Giving a snort of impatience, he returned the tome to the shelf and selected another, Thackeray’s Vanity Fair.
He crossed to the chair, sat, and started to read.
Bide my time. Let the wounds heal.
He’d reached chapter four when the door opened and a clockwork man entered. It placed a tray of food on the table.
Burton said, “What time is it? What day?”
The machine didn’t answer. It departed, locking the door.
The meal was of roast beef, potatoes, carrots, peas, and Yorkshire pudding. He ate it eagerly—it was his first decent repast in weeks—then smoked a cigar and drank a glass of port.
He read. He slept again.
More food was delivered. He ate.
Hours passed, but he was hardly aware of them.
The relative luxury of his cell was, he vaguely realised, designed to lull him into apathy, to suck the fight out of him. It wouldn’t work. He’d rest and recuperate and—
He slept.
Upon finishing Vanity Fair, he
read Tom Brown’s School Days, The Mill on the Floss, and Barchester Towers.
He sensed that days were passing but hardly cared; couldn’t access the frustration he’d felt in hut 0. All emotion was held in abeyance.
His welts and bruises faded.
Very rapidly, and without him realising it, the chamber became not a prison cell but a haven. Here, there were no roll calls, no beatings, no SPG units, no lunatic prime ministers, and no treacherous brother.
He enjoyed the peace, solitude, and routine.
Read. Sleep. Eat.
Don’t think.
Don’t feel.
Don’t remember.
There was a mirror affixed to the wall above a basin in the bedchamber. When he looked into it, he did not perceive the man who looked back, and it didn’t matter.
The Woman in White.
A Tale of Two Cities.
The Cloister and the Hearth.
He started to dwell on the structure of the narratives. In a remote region of his mind, it finally occurred to him that his own story was currently suspended.
The walls started to press in.
Claustrophobia squeezed memories out of him. He resisted and clung to the false serenity his cell offered, but his period of grace was fast eroding, and he became increasingly disturbed and agitated. Recollections of his entrapment in a six-armed metal prison haunted him.
How did I escape? How am I now in my own body?
That his brother—that anyone—would willingly condemn themselves to such a confinement was inconceivable to him. Immortality, maybe, but also an everlasting torture. Besides—
He held up a hand and flexed his fingers, watching the skin crease and the muscle at the base of his thumb bulge.

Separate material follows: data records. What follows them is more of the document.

(* With the setting in the context, call two operators $Q_m,Q_{m'}$ with $m,m'\in\ker(\delta_0)$ equivalent if they have the same eigenvalue on every ground state $\mathcal A_0|f\rangle$, $f\in\ker(\delta^0)$ (equivalently, $m$ and $m'$ agree on $\ker(\delta^0)$). Then the assignment sending $Q_m$ to the character $\bar m:H^0(C,G)\to U(1)$, $\bar m([f])=m(f)$, is well defined and induces a bijection between the set of equivalence classes of such operators and the character group $\widehat{H^0(C,G)}=\mathrm{Hom}(H^0(C,G),U(1))$.
   Context: $(C_\bullet,\partial^C_\bullet)$ is a chain complex with each $C_n$ free abelian on a finite set $K_n$, $K_n\ne\emptyset$ for finitely many $n$; $(G_\bullet,\partial^G_\bullet)$ is a chain complex of finite abelian groups. $\mathrm{hom}(C,G)^p=\prod_n\mathrm{Hom}(C_n,G_{n-p})$ with $(\delta^pf)_n=f_{n-1}\partial^C_n-(-1)^p\partial^G_{n-p}f_n$, and $H^0(C,G)=\ker\delta^0/\mathrm{im}\,\delta^{-1}$. $\mathrm{hom}(C,G)_p=\mathrm{Hom}(\mathrm{hom}(C,G)^p,U(1))$ (written additively), $\delta_0:\mathrm{hom}(C,G)_0\to\mathrm{hom}(C,G)_{-1}$, $\delta_0m=m\circ\delta^{-1}$. $\mathcal H=\bigotimes_n\bigotimes_{x\in K_n}\mathbb C[G_n]$ with orthonormal basis $|f\rangle$, $f\in\mathrm{hom}(C,G)^0$. $Q_m|f\rangle=m(f)|f\rangle$, $P_t|f\rangle=|f+t\rangle$, and $\mathcal A_0=\frac1{|\mathrm{hom}(C,G)^{-1}|}\sum_{t\in\mathrm{hom}(C,G)^{-1}}P_{\delta^{-1}t}$. *)

From HB Require Import structures.
From mathcomp Require Import all_boot all_order all_algebra all_fingroup all_field.
Set Implicit Arguments. Unset Strict Implicit. Unset Printing Implicit Defensive.
Import Order.TTheory GRing.Theory Num.Theory.
Local Open Scope ring_scope.

Section DProd.
Variables (I : finType) (F : I -> finZmodType).

Definition dprodZ := {dffun forall i : I, F i}.
HB.instance Definition _ := Finite.on dprodZ.

Definition dprod_zero : dprodZ := @finfun I F (fun i => 0).
Definition dprod_opp (f : dprodZ) : dprodZ := @finfun I F (fun i => - f i).
Definition dprod_add (f g : dprodZ) : dprodZ := @finfun I F (fun i => f i + g i).

Lemma dprod_addA : associative dprod_add.
Proof. by move=> f g h; apply/ffunP=> i; rewrite !ffunE addrA. Qed.
Lemma dprod_addC : commutative dprod_add.
Proof. by move=> f g; apply/ffunP=> i; rewrite !ffunE addrC. Qed.
Lemma dprod_add0 : left_id dprod_zero dprod_add.
Proof. by move=> f; apply/ffunP=> i; rewrite !ffunE add0r. Qed.
Lemma dprod_addN : left_inverse dprod_zero dprod_opp dprod_add.
Proof. by move=> f; apply/ffunP=> i; rewrite !ffunE addNr. Qed.

HB.instance Definition _ := GRing.isZmodule.Build dprodZ
  dprod_addA dprod_addC dprod_add0 dprod_addN.
End DProd.

(* The chain complex C: C_n is free abelian on K_n = {x : cell | deg x = n}; *)
(* the boundary is encoded by its integer matrix bd x y (coefficient of the  *)
(* basis element y in the boundary of x).                                    *)
Record cell_complex := CellComplex {
  cell : finType;
  deg : cell -> int;
  bd : cell -> cell -> int;
  bd_deg : forall x y, bd x y != 0 -> deg y = deg x - 1;
  bd_bd : forall x z, \sum_(y : cell) bd x y * bd y z = 0
}.

Record fin_chain_complex := FinChainComplex {
  grp : int -> finZmodType;
  bdG : forall n : int, {additive grp n -> grp (n - 1)};
  bdG_bdG : forall (n : int) (g : grp n), bdG (n - 1) (bdG n g) = 0
}.

Section Setting.
Variables (C : cell_complex) (G : fin_chain_complex).

(* hom(C,G)^p = prod_n Hom(C_n, G_{n-p}) = prod_{x cell} G_{deg x - p} *)
Definition cochain (p : int) : finZmodType :=
  dprodZ (fun x : cell C => grp G (deg x - p)).

(* transport along an equality of degrees (0 if the degrees differ) *)
Definition gcast (m n : int) (g : grp G m) : grp G n :=
  match m =P n with
  | ReflectT e => ecast k (grp G k) e g
  | ReflectF _ => 0
  end.

(* (delta^p f)_n = f_{n-1} o bd^C_n - (-1)^p bd^G_{n-p} o f_n, evaluated on the
   basis element x of C_n. *)
Definition delta (p : int) (f : cochain p) : cochain (p + 1) :=
  @finfun (cell C) (fun x => grp G (deg x - (p + 1))) (fun x =>
    \sum_(y : cell C) (gcast (deg x - (p + 1)) (f y)) *~ bd x y
    - (gcast (deg x - (p + 1)) (@bdG G (deg x - p) (f x))) *~ ((-1) ^ p)).

Definition ker_delta0 : {set cochain 0} := [set f | delta (p := 0) f == 0].
Definition im_delta_m1 : {set cochain 0} :=
  [set (delta t : cochain 0) | t : cochain (-1)].

Definition H0 : {set coset_of im_delta_m1} := (ker_delta0 / im_delta_m1)%g.

Definition U1char (m : cochain 0 -> algC) :=
  (forall a b, m (a + b) = m a * m b) /\ (forall a, `|m a| = 1).

Definition delta_0 (m : cochain 0 -> algC) : cochain (-1) -> algC :=
  fun t => m (delta t).
Definition in_ker_delta_0 (m : cochain 0 -> algC) :=
  forall t, delta_0 m t = 1.

(* Characters of H^0(C,G) (a subgroup of coset_of im_delta_m1), U(1)-valued;
   two characters are equal iff they agree on H0. *)
Definition H0char (chi : coset_of im_delta_m1 -> algC) :=
  {in H0 &, forall a b, chi (a * b)%g = chi a * chi b} /\
  {in H0, forall a, `|chi a| = 1}.

Definition mbar (m : cochain 0 -> algC) (c : coset_of im_delta_m1) : algC :=
  m (repr c).

(* Hilbert space H = (x)_n (x)_{x in K_n} C[G_n], with basis |f>, f in hom^0: *)
(* a vector is its family of coordinates in that basis.                    *)
Definition hspace := {ffun cochain 0 -> algC}.
Definition ket (f : cochain 0) : hspace := [ffun g => (g == f)%:R].
Definition Qop (m : cochain 0 -> algC) (v : hspace) : hspace :=
  [ffun g => m g * v g].
(* P_t |f> = |f + t> *)
Definition Pop (t : cochain 0) (v : hspace) : hspace := [ffun g => v (g - t)].
Definition A0 (v : hspace) : hspace :=
  [ffun g => (#|cochain (-1)|%:R)^-1 *
               \sum_(t : cochain (-1)) Pop (delta t) v g].

Definition equivQ (m m' : cochain 0 -> algC) :=
  forall f, f \in ker_delta0 -> exists lam : algC,
    Qop m (A0 (ket f)) = [ffun g => lam * A0 (ket f) g] /\
    Qop m' (A0 (ket f)) = [ffun g => lam * A0 (ket f) g].

End Setting.

From mathcomp Require Import all_boot all_algebra all_fingroup all_field all_character.
Set Implicit Arguments. Unset Strict Implicit. Unset Printing Implicit Defensive.
Import GRing.Theory Num.Theory FinRing.Theory.
Local Open Scope group_scope.
Local Open Scope ring_scope.

(* H^0(C,G) = ker d^0 / im d^-1 is a subgroup of the finite abelian group
   hom^0 / im d^-1.  A character m with d_0 m = 1 is trivial on im d^-1, hence
   constant on its cosets, so mbar is a well-defined character of H^0.  The
   ground state A_0|f> is supported on f + im d^-1, where Q_m acts by the
   scalar m(f): thus Q_m and Q_m' are equivalent iff m = m' on ker d^0, i.e.
   iff mbar = mbar'.  For surjectivity, a character of H^0 is a linear
   character of a subgroup of the abelian group hom^0 / im d^-1; any
   irreducible constituent of its induced character extends it to the whole
   group, and composing with the quotient map yields m. *)

Section LinearCharacters.
Variable gT : finGroupType.

Lemma morph_lin_char (H : {group gT}) (chi : gT -> algC) :
    {in H &, {morph chi : x y / (x * y)%g >-> x * y}} -> chi 1%g != 0 ->
  exists2 xi : 'CF(H), xi \is a linear_char & {in H, xi =1 chi}.
Proof.
move=> chiM chi1_neq0.
have chi1 : chi 1%g = 1.
  by apply: (mulfI chi1_neq0); rewrite -chiM ?mulg1 ?mulr1.
pose rH x : 'M[algC]_1 := (chi x)%:M.
have rH_repr : mx_repr H rH.
  by split=> [|x y Hx Hy]; rewrite /rH ?chi1 ?chiM ?scalar_mxM.
exists (cfRepr (MxRepresentation rH_repr)) => [|x Hx].
  by rewrite qualifE /= cfRepr_char cfRepr1 eqxx.
by rewrite cfunE Hx mulr1n /= mxtrace_scalar.
Qed.

Lemma lin_char_extend (G H : {group gT}) (xi : 'CF(H)) :
    abelian G -> H \subset G -> xi \is a linear_char ->
  exists2 phi : 'CF(G), phi \is a linear_char & 'Res[H] phi = xi.
Proof.
move=> cGG sHG /lin_char_irr/irrP[j ->].
have [i iInd] := neq0_has_constt (Ind_irr_neq0 j sHG).
have lin_i : 'chi[G]_i \is a linear_char by apply/char_abelianP.
exists 'chi_i => //.
have [k Dk] := irrP (lin_char_irr (cfRes_lin_char H lin_i)).
by move: iInd; rewrite constt_Ind_Res Dk constt_irr inE => /eqP->.
Qed.

End LinearCharacters.

Section ZmodCosets.
Variables (V : finZmodType) (B : {group V}).

Lemma zmod_norm (x : V) : x \in 'N(B).
Proof. exact: subsetP (sub_abelian_norm (zmod_abelian _) (subsetT B)) x (in_setT x). Qed.

Lemma cosetD (x y : V) : coset B (x + y) = (coset B x * coset B y)%g.
Proof. by rewrite -zmodMgE morphM ?zmod_norm. Qed.

Variable m : V -> algC.
Hypotheses (mD : {morph m : x y / x + y >-> x * y}) (mB : {in B, forall b, m b = 1}).

Lemma char_coset_eq (x y : V) : coset B x = coset B y -> m x = m y.
Proof.
move/kercoset_rcoset => /(_ (zmod_norm x) (zmod_norm y))[b Bb ->].
by rewrite zmodMgE mD mB ?mul1r.
Qed.

Lemma char_repr_coset (x : V) : m (repr (coset B x)) = m x.
Proof. by apply: char_coset_eq; rewrite coset_reprK. Qed.

Lemma char_reprM (a b : coset_of B) : m (repr (a * b)%g) = m (repr a) * m (repr b).
Proof.
by rewrite -{1}(coset_reprK a) -{1}(coset_reprK b) -cosetD char_repr_coset mD.
Qed.

End ZmodCosets.

Section CochainComplex.
Variables (C : cell_complex) (G : fin_chain_complex).

Lemma gcastD (m n : int) : {morph @gcast G m n : a b / a + b}.
Proof.
move=> a b; rewrite /gcast; case: eqP => [e|_]; last by rewrite addr0.
by case: n / e.
Qed.

Lemma deltaD (p : int) : {morph @delta C G p : f g / f + g}.
Proof.
move=> f g; apply/ffunP => x; rewrite !ffunE (raddfD (bdG G _)) gcastD mulrzDl.
under eq_bigr => y _ do rewrite !ffunE gcastD mulrzDl.
by rewrite big_split /= -addrACA -opprD.
Qed.

Lemma delta0 (p : int) : delta (0 : cochain C G p) = 0.
Proof. by apply: (@addrI _ (delta (0 : cochain C G p))); rewrite -deltaD !addr0. Qed.

Lemma im_delta_m1_group_set : group_set (im_delta_m1 C G).
Proof.
apply/group_setP; split; first by apply/imsetP; exists 0; rewrite ?delta0.
move=> _ _ /imsetP[s _ ->] /imsetP[t _ ->].
by apply/imsetP; exists (s + t); rewrite ?deltaD.
Qed.

Lemma ker_delta0_group_set : group_set (ker_delta0 C G).
Proof.
apply/group_setP; split; first by rewrite inE delta0.
by move=> f g; rewrite !inE zmodMgE deltaD => /eqP-> /eqP->; rewrite addr0.
Qed.

Canonical im_delta_m1_group := Group im_delta_m1_group_set.
Canonical ker_delta0_group := Group ker_delta0_group_set.

Local Notation B := (im_delta_m1 C G).
Local Notation cochain0 := (cochain C G 0).

Lemma in_ker_delta_0_im (m : cochain0 -> algC) :
  in_ker_delta_0 m -> {in B, forall f, m f = 1}.
Proof. by move=> mk _ /imsetP[t _ ->]; apply: mk. Qed.

Lemma H0P (a : coset_of B) :
  reflect (exists2 f, f \in ker_delta0 C G & a = coset B f) (a \in H0 C G).
Proof.
apply: (iffP idP) => [|[f kf ->]]; last exact: mem_quotient.
by rewrite /H0 -imset_coset => /imsetP.
Qed.

Lemma A0_ketE (f g : cochain0) :
  A0 (ket f) g = #|cochain C G (-1)|%:R^-1 *
                 \sum_(t : cochain C G (-1)) (g - (delta t : cochain0) == f)%:R.
Proof. by rewrite ffunE; congr (_ * _); apply: eq_bigr => t _; rewrite !ffunE. Qed.

Lemma A0_ket_support (f g : cochain0) :
  A0 (ket f) g != 0 -> exists t : cochain C G (-1), g = f + (delta t : cochain0).
Proof.
rewrite A0_ketE mulf_eq0 negb_or => /andP[_].
have [t /eqP <- | none] :=
    pickP (fun t : cochain C G (-1) => g - (delta t : cochain0) == f).
  by exists t; rewrite subrK.
by rewrite big1 ?eqxx // => t _; rewrite none.
Qed.

Lemma A0_ket_self (f : cochain0) : A0 (ket f) f != 0.
Proof.
rewrite A0_ketE mulf_neq0 ?invr_eq0 -?natr_sum ?pnatr_eq0 -?lt0n //.
  by apply/card_gt0P; exists 0.
by rewrite (bigD1 0) //= delta0 subr0 eqxx.
Qed.

Section KernelCharacter.
Variable m : cochain0 -> algC.
Hypotheses (mU : U1char m) (mk : in_ker_delta_0 m).

Lemma mbar_coset (f : cochain0) : mbar m (coset B f) = m f.
Proof. exact: char_repr_coset (proj1 mU) (in_ker_delta_0_im mk) f. Qed.

Lemma mbar_H0char : H0char (mbar m).
Proof.
split=> [a b _ _|a _]; last exact: (proj2 mU).
exact: char_reprM (proj1 mU) (in_ker_delta_0_im mk) a b.
Qed.

Lemma Qop_A0_ket (f : cochain0) :
  Qop m (A0 (ket f)) = [ffun g => m f * A0 (ket f) g].
Proof.
apply/ffunP => g; rewrite ffunE [RHS]ffunE.
have [->|/A0_ket_support[t ->]] := eqVneq (A0 (ket f) g) 0; first by rewrite !mulr0.
by case: mU => mD _; rewrite mD -/(delta_0 m t) mk mulr1.
Qed.

End KernelCharacter.

Section TwoKernelCharacters.
Variables m m' : cochain0 -> algC.
Hypotheses (mU : U1char m) (mk : in_ker_delta_0 m).
Hypotheses (mU' : U1char m') (mk' : in_ker_delta_0 m').

Lemma equivQ_ker : equivQ m m' <-> {in ker_delta0 C G, m =1 m'}.
Proof.
split=> [eqQ f kf | eq_mm' f kf]; last first.
  by exists (m f); rewrite {2}eq_mm' // !Qop_A0_ket.
have [lam []] := eqQ f kf; rewrite !Qop_A0_ket //.
move: (A0 (ket f)) (A0_ket_self f) => v v_f /ffunP/(_ f) + /ffunP/(_ f).
by rewrite !ffunE => e e'; rewrite (mulIf v_f e) (mulIf v_f e').
Qed.

Lemma mbar_eq_H0 : {in H0 C G, mbar m =1 mbar m'} <-> {in ker_delta0 C G, m =1 m'}.
Proof.
split=> [eq_mbar f kf | eq_mm' _ /H0P[f kf ->]]; last by rewrite !mbar_coset // eq_mm'.
by have := eq_mbar _ (mem_quotient _ kf); rewrite !mbar_coset.
Qed.

End TwoKernelCharacters.

Lemma mbar_surj (chi : coset_of B -> algC) : H0char chi ->
  exists m : cochain0 -> algC,
    [/\ U1char m, in_ker_delta_0 m & {in H0 C G, mbar m =1 chi}].
Proof.
case=> chiM chiN; pose H0_group := (ker_delta0_group / im_delta_m1_group)%G.
have chi1_neq0 : chi 1%g != 0 by rewrite -normr_eq0 chiN ?oner_eq0 ?(group1 H0_group).
have [xi lin_xi xiE] := morph_lin_char (H := H0_group) chiM chi1_neq0.
have abelian_quo : abelian [set: coset_of B].
  by rewrite -(quotientT im_delta_m1_group) quotient_abelian ?zmod_abelian.
have sub_quo : H0_group \subset [set: coset_of B]%G by apply: subsetT.
have [phi lin_phi phiE] := lin_char_extend abelian_quo sub_quo lin_xi.
exists (fun f => phi (coset B f)); split.
- split=> [f g|f]; last by rewrite normC_lin_char ?inE.
  by rewrite cosetD (lin_charM lin_phi) ?inE.
- by move=> t; rewrite /delta_0 coset_id ?lin_char1 //; apply: imset_f.
- by move=> a Ha; rewrite /mbar coset_reprK -xiE // -phiE cfResE.
Qed.

End CochainComplex.

Theorem proposition7 (C : cell_complex) (G : fin_chain_complex) :
  (* the assignment m |-> mbar, mbar([f]) = m(f), is well defined and lands
     in the character group of H^0(C,G) *)
  (forall m : cochain C G 0 -> algC, U1char m -> in_ker_delta_0 m ->
     (forall f g, f \in ker_delta0 C G -> g \in ker_delta0 C G ->
        coset (im_delta_m1 C G) f = coset (im_delta_m1 C G) g -> m f = m g)
     /\ (forall f, f \in ker_delta0 C G -> mbar m (coset (im_delta_m1 C G) f) = m f)
     /\ H0char (mbar m))
  (* equivalence of Q_m, Q_m' (same eigenvalue on every ground state) is
     agreement on ker delta^0, and is exactly equality of the induced characters
     (injectivity on classes) *)
  /\ (forall m m' : cochain C G 0 -> algC,
        U1char m -> in_ker_delta_0 m -> U1char m' -> in_ker_delta_0 m' ->
        (equivQ m m' <-> {in ker_delta0 C G, m =1 m'})
        /\ (equivQ m m' <-> {in H0 C G, mbar m =1 mbar m'}))
  (* surjectivity onto the character group of H^0(C,G) *)
  /\ (forall chi : coset_of (im_delta_m1 C G) -> algC, H0char chi ->
        exists m : cochain C G 0 -> algC,
          [/\ U1char m, in_ker_delta_0 m & {in H0 C G, mbar m =1 chi}]).
Proof.
split; [|split]; last exact: mbar_surj.
- move=> m mU mk; split; [|split]; last exact: mbar_H0char.
  + by move=> f g _ _; apply: (char_coset_eq (proj1 mU) (in_ker_delta_0_im mk)).
  + by move=> f _; apply: mbar_coset.
- move=> m m' mU mk mU' mk'; have eqQ_ker := equivQ_ker mU mk mU' mk'.
  by split=> //; apply: iff_trans eqQ_ker (iff_sym (mbar_eq_H0 mU mk mU' mk')).
Qed.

One must age. It is a part of living. With the waxing then waning of vitality there comes a developing understanding of what it means to be human. A reassessment of values. A constantly renewing appreciation of the various elements of being. I could not lose such pliancy. Were my body permanent then surely my very essence would become fixed in place, too. These automated aristocrats will calcify. Their appreciation of life will dwindle and so will whatever little measure of decency and morals they possess. Inevitably, any ability to empathise will be lost. That will make them dangerous. Very dangerous indeed.